LISTED ENTRIES.
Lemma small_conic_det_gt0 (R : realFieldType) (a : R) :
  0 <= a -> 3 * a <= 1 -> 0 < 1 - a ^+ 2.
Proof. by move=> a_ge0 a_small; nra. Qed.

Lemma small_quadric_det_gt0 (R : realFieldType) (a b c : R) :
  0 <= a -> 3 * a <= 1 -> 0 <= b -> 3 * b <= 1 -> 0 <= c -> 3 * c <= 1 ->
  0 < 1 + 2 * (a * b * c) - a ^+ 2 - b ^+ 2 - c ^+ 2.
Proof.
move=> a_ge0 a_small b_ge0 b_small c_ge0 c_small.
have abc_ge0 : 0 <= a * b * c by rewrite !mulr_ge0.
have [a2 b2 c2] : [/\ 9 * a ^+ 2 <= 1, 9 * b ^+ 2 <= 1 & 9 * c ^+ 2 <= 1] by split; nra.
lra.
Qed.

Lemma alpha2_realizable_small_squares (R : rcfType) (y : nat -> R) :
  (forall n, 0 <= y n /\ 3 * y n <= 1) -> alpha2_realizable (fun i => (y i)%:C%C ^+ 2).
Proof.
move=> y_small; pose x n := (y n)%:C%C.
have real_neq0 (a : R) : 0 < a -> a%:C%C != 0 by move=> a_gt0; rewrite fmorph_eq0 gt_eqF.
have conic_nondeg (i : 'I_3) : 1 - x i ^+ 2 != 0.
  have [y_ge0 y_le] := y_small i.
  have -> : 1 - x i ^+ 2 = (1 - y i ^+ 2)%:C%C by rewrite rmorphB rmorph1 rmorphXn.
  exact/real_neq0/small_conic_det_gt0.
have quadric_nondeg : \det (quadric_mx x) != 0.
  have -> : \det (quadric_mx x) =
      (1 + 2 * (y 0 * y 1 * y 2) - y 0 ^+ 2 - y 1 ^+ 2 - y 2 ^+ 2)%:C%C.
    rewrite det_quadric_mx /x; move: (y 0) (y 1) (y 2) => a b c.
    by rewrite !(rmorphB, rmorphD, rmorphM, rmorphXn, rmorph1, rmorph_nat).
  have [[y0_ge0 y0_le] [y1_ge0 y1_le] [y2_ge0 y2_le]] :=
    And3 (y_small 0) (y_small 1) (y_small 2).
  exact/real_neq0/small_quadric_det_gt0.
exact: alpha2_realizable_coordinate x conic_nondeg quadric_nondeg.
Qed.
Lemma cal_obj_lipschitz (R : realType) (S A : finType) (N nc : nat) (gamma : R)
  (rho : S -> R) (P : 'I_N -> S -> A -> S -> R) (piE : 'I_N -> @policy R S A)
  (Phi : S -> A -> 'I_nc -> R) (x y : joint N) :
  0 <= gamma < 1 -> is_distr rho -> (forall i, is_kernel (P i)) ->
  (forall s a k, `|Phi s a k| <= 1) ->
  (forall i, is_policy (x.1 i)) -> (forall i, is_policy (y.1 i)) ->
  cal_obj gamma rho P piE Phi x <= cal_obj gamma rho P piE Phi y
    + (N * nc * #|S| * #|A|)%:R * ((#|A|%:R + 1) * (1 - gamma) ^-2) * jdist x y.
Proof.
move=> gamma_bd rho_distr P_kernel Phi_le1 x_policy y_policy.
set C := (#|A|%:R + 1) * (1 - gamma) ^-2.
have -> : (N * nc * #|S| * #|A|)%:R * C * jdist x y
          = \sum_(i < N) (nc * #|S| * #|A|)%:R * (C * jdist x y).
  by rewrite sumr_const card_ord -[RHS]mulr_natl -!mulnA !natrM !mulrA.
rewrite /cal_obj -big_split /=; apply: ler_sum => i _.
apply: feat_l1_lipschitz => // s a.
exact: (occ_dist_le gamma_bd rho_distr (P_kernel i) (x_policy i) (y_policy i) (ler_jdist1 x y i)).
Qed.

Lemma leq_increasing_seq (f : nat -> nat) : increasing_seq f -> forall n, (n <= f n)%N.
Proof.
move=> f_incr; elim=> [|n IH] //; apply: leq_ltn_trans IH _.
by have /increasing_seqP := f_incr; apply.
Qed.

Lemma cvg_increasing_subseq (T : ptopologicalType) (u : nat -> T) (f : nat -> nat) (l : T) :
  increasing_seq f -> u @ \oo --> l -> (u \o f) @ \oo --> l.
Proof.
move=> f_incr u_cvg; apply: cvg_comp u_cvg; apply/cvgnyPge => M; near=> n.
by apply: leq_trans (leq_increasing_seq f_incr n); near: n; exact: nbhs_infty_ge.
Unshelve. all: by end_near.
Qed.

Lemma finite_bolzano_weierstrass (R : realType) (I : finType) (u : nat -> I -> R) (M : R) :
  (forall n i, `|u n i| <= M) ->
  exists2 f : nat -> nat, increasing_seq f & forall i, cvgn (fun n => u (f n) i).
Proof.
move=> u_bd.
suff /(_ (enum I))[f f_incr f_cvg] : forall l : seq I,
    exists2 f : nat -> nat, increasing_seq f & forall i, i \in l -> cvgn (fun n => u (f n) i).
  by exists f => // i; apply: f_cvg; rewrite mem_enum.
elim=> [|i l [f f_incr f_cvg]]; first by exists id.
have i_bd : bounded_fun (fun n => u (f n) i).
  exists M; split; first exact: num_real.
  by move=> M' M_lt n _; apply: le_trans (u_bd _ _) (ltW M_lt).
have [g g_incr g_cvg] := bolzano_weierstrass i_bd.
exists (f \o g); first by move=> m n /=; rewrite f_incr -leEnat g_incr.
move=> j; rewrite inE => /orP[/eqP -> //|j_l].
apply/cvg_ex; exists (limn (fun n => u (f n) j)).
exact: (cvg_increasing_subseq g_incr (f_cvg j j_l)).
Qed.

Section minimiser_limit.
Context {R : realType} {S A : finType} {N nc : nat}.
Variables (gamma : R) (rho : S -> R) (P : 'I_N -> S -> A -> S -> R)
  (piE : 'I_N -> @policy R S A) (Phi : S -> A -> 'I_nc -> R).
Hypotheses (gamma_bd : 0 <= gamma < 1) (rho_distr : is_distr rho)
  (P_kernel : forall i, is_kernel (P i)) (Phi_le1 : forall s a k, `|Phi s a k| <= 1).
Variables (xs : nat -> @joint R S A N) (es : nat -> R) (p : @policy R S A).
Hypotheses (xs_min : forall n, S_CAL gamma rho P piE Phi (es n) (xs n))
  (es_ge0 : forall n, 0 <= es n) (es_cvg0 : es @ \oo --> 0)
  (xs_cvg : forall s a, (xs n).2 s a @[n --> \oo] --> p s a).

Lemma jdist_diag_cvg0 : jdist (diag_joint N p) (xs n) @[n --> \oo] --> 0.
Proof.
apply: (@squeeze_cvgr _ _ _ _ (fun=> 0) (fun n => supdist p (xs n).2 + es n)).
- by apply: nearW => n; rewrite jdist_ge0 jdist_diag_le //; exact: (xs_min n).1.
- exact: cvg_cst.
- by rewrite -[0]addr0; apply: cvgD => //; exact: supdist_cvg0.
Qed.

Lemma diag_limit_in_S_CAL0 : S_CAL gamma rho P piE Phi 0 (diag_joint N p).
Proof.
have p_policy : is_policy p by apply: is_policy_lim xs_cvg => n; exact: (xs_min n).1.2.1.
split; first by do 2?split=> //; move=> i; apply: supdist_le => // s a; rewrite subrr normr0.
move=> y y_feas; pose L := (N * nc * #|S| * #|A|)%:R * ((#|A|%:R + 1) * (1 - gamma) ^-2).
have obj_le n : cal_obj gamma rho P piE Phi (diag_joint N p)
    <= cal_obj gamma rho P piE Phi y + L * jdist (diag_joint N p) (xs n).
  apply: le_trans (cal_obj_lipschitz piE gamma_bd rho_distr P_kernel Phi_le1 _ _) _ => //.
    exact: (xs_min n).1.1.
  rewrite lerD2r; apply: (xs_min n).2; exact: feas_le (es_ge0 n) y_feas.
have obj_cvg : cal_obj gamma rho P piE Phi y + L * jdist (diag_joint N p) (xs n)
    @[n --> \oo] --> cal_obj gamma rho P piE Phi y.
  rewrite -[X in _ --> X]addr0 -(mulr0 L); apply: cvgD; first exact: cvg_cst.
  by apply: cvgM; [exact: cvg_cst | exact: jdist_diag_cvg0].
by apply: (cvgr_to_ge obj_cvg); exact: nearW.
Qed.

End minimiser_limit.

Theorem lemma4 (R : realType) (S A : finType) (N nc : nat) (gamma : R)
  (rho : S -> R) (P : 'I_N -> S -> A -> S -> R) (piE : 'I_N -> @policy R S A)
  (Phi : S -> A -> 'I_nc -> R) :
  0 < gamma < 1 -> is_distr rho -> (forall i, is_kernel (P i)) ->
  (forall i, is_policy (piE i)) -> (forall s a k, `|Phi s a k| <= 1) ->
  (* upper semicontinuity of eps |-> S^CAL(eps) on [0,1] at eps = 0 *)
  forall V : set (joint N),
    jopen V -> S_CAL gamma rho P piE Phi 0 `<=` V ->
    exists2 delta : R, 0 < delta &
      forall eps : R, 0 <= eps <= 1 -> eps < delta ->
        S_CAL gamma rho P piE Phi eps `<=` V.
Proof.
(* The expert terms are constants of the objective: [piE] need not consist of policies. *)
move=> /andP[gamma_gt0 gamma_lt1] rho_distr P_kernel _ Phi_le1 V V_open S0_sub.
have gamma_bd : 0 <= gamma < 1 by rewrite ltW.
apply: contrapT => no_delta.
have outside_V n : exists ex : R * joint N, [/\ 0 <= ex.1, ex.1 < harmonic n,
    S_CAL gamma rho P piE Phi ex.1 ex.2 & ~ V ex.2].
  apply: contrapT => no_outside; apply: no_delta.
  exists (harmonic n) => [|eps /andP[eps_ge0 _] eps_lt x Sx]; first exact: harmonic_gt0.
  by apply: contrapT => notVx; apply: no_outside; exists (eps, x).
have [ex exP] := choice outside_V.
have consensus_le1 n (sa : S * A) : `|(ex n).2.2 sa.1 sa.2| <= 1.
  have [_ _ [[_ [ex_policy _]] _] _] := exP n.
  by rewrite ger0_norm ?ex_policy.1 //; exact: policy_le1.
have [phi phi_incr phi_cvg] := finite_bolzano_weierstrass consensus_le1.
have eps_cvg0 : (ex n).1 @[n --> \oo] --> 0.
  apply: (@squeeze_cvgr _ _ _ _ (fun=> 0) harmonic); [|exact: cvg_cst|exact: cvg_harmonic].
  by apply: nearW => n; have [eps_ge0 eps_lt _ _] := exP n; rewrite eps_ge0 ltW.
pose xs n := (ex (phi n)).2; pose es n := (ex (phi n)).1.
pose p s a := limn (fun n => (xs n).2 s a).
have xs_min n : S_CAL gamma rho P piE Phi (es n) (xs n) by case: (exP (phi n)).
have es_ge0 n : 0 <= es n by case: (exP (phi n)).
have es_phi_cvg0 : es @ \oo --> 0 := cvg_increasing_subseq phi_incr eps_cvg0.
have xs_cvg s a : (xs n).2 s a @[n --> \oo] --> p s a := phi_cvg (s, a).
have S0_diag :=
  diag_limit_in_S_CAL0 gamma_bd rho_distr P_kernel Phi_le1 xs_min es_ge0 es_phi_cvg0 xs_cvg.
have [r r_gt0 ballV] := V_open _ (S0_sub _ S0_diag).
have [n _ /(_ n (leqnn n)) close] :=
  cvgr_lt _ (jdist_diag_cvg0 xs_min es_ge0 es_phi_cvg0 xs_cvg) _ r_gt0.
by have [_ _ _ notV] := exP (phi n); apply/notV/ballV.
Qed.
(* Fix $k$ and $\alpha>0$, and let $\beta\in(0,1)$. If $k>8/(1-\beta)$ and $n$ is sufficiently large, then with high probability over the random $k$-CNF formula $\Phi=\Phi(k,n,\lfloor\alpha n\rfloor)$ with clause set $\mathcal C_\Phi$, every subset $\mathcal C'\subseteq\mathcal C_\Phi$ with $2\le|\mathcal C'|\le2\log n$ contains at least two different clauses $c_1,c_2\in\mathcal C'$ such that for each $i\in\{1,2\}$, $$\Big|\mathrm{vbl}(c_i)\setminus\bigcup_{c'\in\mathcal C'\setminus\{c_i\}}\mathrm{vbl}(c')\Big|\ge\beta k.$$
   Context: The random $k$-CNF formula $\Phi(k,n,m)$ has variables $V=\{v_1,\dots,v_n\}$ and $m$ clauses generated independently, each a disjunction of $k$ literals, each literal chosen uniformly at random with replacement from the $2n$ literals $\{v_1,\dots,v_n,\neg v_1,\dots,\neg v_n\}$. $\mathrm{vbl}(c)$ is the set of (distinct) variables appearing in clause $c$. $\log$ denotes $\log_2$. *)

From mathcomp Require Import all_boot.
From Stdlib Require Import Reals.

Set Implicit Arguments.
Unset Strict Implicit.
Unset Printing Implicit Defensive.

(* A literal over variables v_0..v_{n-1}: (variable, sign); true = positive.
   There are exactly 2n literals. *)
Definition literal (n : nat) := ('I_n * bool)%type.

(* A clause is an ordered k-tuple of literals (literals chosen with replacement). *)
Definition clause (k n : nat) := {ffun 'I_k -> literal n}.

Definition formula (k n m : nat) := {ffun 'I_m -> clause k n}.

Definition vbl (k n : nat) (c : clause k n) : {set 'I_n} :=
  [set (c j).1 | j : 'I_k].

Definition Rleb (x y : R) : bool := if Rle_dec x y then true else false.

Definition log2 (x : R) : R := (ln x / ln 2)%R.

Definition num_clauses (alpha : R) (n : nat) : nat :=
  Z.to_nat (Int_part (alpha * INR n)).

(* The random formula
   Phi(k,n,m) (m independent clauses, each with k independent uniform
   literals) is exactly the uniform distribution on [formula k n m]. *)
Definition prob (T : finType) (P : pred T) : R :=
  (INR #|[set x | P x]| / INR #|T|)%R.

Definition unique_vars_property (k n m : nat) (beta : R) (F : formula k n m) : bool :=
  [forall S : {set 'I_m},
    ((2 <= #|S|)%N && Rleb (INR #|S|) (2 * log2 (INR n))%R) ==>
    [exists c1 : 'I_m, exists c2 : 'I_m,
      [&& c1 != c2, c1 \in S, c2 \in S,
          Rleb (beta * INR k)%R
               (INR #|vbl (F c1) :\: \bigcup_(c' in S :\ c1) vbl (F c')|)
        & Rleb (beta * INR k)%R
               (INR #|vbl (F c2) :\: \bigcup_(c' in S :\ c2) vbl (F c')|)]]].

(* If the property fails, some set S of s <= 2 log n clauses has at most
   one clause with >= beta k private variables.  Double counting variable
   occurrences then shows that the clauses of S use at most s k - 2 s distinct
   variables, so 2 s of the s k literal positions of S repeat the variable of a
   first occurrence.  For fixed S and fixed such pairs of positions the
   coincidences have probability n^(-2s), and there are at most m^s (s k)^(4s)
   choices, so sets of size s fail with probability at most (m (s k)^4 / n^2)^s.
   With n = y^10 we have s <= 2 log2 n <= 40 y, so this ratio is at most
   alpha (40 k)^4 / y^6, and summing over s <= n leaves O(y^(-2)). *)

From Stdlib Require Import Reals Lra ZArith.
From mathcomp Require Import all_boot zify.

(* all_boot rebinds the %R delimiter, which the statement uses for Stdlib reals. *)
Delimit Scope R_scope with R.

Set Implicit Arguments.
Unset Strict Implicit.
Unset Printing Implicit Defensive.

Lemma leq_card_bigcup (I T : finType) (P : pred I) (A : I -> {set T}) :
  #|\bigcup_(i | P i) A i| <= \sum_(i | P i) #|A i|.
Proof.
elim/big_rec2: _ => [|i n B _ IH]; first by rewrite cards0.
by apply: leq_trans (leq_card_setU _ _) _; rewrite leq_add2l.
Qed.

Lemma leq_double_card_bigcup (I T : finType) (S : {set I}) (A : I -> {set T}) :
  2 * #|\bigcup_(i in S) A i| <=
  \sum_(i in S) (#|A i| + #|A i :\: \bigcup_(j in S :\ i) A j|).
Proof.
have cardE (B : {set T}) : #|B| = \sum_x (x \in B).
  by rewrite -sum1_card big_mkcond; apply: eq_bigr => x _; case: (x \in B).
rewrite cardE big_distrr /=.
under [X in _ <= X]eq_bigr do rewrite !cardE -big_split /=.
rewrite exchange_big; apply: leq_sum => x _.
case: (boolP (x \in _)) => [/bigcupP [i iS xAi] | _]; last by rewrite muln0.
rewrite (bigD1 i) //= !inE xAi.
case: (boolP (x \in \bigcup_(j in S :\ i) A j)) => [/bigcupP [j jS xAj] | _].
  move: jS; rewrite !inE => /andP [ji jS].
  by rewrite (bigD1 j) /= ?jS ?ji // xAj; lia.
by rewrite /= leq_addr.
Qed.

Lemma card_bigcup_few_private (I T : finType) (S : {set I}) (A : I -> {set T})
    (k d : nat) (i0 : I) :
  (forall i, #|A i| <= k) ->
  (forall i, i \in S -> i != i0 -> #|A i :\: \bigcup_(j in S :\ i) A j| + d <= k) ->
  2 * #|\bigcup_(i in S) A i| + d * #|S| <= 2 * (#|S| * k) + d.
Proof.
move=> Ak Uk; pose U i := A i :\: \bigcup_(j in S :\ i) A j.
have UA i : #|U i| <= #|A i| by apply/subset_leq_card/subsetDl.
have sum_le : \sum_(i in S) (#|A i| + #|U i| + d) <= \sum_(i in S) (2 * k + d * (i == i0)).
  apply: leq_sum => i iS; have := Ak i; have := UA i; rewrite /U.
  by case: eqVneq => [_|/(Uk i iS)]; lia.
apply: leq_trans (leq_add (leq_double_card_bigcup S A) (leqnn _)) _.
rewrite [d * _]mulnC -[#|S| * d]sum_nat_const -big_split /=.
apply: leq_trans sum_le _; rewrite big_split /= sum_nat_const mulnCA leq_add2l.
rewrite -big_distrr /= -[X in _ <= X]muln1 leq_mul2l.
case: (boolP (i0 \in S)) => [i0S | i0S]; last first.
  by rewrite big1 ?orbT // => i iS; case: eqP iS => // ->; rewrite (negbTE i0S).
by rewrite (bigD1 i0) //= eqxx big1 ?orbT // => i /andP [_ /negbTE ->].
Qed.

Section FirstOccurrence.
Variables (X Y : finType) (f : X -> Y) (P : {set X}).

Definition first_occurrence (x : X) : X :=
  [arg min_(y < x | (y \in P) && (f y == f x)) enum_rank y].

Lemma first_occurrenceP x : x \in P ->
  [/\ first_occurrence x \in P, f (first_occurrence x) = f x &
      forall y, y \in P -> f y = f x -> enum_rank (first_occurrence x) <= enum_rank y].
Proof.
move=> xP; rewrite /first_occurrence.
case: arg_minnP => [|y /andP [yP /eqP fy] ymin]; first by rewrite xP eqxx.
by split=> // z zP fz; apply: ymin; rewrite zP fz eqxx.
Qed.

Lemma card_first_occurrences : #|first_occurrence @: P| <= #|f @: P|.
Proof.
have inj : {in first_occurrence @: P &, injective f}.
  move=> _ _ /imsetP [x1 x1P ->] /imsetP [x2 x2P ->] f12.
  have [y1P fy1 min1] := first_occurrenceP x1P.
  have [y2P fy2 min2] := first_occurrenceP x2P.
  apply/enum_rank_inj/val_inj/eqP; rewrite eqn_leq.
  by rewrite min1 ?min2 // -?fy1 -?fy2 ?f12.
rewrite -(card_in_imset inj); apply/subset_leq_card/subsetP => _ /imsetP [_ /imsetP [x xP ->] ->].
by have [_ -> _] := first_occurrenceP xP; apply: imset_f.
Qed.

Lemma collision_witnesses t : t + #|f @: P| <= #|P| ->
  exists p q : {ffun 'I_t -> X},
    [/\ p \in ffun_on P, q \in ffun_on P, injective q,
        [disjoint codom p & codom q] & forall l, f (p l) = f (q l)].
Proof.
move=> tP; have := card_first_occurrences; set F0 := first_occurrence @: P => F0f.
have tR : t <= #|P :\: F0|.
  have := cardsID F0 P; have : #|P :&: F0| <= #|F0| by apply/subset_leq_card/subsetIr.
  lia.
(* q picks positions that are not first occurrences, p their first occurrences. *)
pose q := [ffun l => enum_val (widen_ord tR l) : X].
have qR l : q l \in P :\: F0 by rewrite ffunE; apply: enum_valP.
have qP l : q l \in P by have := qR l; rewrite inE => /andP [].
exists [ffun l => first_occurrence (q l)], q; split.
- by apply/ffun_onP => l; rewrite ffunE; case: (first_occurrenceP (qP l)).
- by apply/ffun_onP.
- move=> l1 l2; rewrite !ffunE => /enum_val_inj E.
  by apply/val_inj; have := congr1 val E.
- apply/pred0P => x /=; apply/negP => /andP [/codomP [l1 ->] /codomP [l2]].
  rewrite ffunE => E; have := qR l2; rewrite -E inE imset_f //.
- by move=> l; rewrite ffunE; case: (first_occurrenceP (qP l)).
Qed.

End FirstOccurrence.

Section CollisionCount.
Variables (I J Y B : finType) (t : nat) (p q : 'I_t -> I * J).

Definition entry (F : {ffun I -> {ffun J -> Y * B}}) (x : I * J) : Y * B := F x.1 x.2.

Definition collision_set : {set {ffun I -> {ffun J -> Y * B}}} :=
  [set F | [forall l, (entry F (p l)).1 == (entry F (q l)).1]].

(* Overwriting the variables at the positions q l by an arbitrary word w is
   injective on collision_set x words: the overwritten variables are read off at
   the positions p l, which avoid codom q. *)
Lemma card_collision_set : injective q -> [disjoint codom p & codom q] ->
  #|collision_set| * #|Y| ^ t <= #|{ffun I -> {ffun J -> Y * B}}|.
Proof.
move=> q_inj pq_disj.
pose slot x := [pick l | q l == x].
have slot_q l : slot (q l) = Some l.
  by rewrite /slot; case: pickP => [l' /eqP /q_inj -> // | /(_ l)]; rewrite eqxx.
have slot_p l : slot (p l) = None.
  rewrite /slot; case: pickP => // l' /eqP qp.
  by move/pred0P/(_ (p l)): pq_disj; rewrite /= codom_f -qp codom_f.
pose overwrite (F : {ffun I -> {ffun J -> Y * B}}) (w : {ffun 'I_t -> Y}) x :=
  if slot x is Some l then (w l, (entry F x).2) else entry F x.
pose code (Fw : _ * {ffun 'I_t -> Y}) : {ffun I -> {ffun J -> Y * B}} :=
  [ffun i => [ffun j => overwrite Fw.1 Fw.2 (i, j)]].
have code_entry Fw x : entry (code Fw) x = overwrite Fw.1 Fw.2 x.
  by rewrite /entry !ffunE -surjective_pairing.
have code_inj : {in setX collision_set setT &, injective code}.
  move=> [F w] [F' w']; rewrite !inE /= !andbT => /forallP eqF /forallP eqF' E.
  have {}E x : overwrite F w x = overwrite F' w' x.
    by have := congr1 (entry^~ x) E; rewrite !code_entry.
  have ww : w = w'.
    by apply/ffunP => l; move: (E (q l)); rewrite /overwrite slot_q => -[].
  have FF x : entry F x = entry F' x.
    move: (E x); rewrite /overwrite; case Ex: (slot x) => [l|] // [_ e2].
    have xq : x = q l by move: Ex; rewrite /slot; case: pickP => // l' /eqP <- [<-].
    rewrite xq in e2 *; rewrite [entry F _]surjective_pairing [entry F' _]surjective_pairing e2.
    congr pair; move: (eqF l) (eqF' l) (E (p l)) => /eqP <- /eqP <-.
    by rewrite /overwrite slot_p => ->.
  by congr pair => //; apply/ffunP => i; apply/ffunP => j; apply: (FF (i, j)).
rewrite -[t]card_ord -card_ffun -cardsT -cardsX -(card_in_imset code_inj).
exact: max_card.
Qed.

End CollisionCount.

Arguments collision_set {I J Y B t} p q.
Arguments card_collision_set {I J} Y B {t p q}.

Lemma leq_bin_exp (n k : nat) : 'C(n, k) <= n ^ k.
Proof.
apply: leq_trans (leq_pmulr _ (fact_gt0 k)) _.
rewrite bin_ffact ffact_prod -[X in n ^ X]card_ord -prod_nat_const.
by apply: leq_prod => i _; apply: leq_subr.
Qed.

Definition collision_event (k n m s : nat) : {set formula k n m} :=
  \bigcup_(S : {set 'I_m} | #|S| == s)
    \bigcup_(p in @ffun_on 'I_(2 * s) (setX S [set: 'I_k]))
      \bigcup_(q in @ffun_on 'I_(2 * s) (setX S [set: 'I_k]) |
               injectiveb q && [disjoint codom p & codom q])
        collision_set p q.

EXERCISE BRIEF.
Please copy out each line of the listing above that contains the string "cvgD".

TASK OUTPUT.
- by rewrite -[0]addr0; apply: cvgD => //; exact: supdist_cvg0.
  rewrite -[X in _ --> X]addr0 -(mulr0 L); apply: cvgD; first exact: cvg_cst.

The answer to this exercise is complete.